(* For all morphisms $(\varphi,g,f),(\psi,g_1,f_1):(A,Z,p)\to(A_1,Z_1,p_1)$ in $\mathsf C(\mathcal A,\mathcal P,\mathcal X)$, one has $f=f_1$ if and only if $\varphi^{\vee}=\psi^{\vee}$, where $\varphi^{\vee}(a)=\bigvee\{\varphi(b)\mid b\in\mathbb B_p,\ b\ll_p a\}$ (and similarly for $\psi$).
   Context: $\mathsf C(\mathcal A,\mathcal P,\mathcal X)$: objects are triples $(A,Z,p)$ with $A$ a complete Boolean algebra, $Z$ an open dense subset of the Stone space $\mathrm{Ult}(A)$ (basic clopen sets $\varepsilon_A(a)=\{\mathfrak u\mid a\in\mathfrak u\}$), and $p:Z\to Y$ a perfect irreducible continuous surjection onto a locally compact Hausdorff space $Y$; a morphism $(\varphi,g,f):(A,Z,p)\to(A_1,Z_1,p_1)$ consists of a Boolean homomorphism $\varphi:A\to A_1$, the map $g:Z_1\to Z$, $g(\mathfrak u')=\varphi^{-1}(\mathfrak u')$, and a map $f:Y_1\to Y$ with $p\circ g=f\circ p_1$. On $A$ one has the contact relation $a\,C_p\,b$ iff $p(\varepsilon_A(a)\cap Z)\cap p(\varepsilon_A(b)\cap Z)\neq\emptyset$, with $a\ll_p b$ iff not $a\,C_p\,b^*$, and the ideal of bounded elements $\mathbb B_p=\{a\in A\mid\varepsilon_A(a)\subseteq Z\}$. *)

From HB Require Import structures.
From mathcomp Require Import all_boot all_order.
From mathcomp Require Import boolp classical_sets topology.
Set Implicit Arguments. Unset Strict Implicit. Unset Printing Implicit Defensive.
Import Order.TTheory.
Local Open Scope classical_set_scope.

Section BooleanAlgebras.
Context {d : Order.disp_t} (A : ctbDistrLatticeType d).

Definition complete_BA : Prop := forall S : set A, supremums S !=set0.

(** Join of a subset (well defined when A is complete). *)
Definition bigjoin (S : set A) : A := supremum \bot%O S.

Definition BA_filter (u : set A) : Prop :=
  [/\ u \top%O,
      (forall a b, u a -> (a <= b)%O -> u b) &
      (forall a b, u a -> u b -> u (Order.meet a b))].

Definition ultrafilter (u : set A) : Prop :=
  [/\ BA_filter u, ~ u \bot%O &
      (forall v, BA_filter v -> ~ v \bot%O -> u `<=` v -> v = u)].

Definition ult := {u : set A | ultrafilter u}.
HB.instance Definition _ := gen_eqMixin ult.
HB.instance Definition _ := gen_choiceMixin ult.

Definition eps (a : A) : set ult := [set u | sval u a].

Definition eps_base (i : option A) : set ult :=
  if i is Some a then eps a else setT.
HB.instance Definition _ :=
  @isSubBaseTopological.Build ult (option A) setT eps_base.

End BooleanAlgebras.

Definition bool_hom {d1 d2 : Order.disp_t} (A : ctbDistrLatticeType d1)
  (B : ctbDistrLatticeType d2) (phi : A -> B) : Prop :=
  [/\ forall a b, phi (Order.meet a b) = Order.meet (phi a) (phi b),
      forall a b, phi (Order.join a b) = Order.join (phi a) (phi b),
      forall a, phi (Order.compl a) = Order.compl (phi a),
      phi \bot%O = \bot%O & phi \top%O = \top%O].

(** p : Z -> Y perfect irreducible continuous surjection (Z open dense in Ult A),
    Y locally compact Hausdorff. The relatively closed subsets of Z are the
    C `&` Z with C closed in Ult(A). *)
Definition C_object {d : Order.disp_t} (A : ctbDistrLatticeType d)
  (Z : set (ult A)) (Y : topologicalType) (p : ult A -> Y) : Prop :=
  [/\ complete_BA A,
      open Z /\ dense Z,
      hausdorff_space Y /\ locally_compact [set: Y],
      {within Z, continuous p} /\ p @` Z = setT &
      [/\ (* perfect: closed map with compact fibres *)
          (forall C : set (ult A), closed C -> closed (p @` (C `&` Z))),
          (forall y : Y, compact (Z `&` p @^-1` [set y])) &
          (* irreducible: no proper closed subset of Z maps onto Y *)
          (forall C : set (ult A), closed C -> p @` (C `&` Z) = setT ->
             Z `<=` C)]].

-=-=-=-=-

- [Assignment]: Copy every line of the material above in which the string "Import" can be found.

- [Output for this task]:
From HB Require Import structures.
From mathcomp Require Import all_boot all_order.
From mathcomp Require Import boolp classical_sets topology.
Import Order.TTheory.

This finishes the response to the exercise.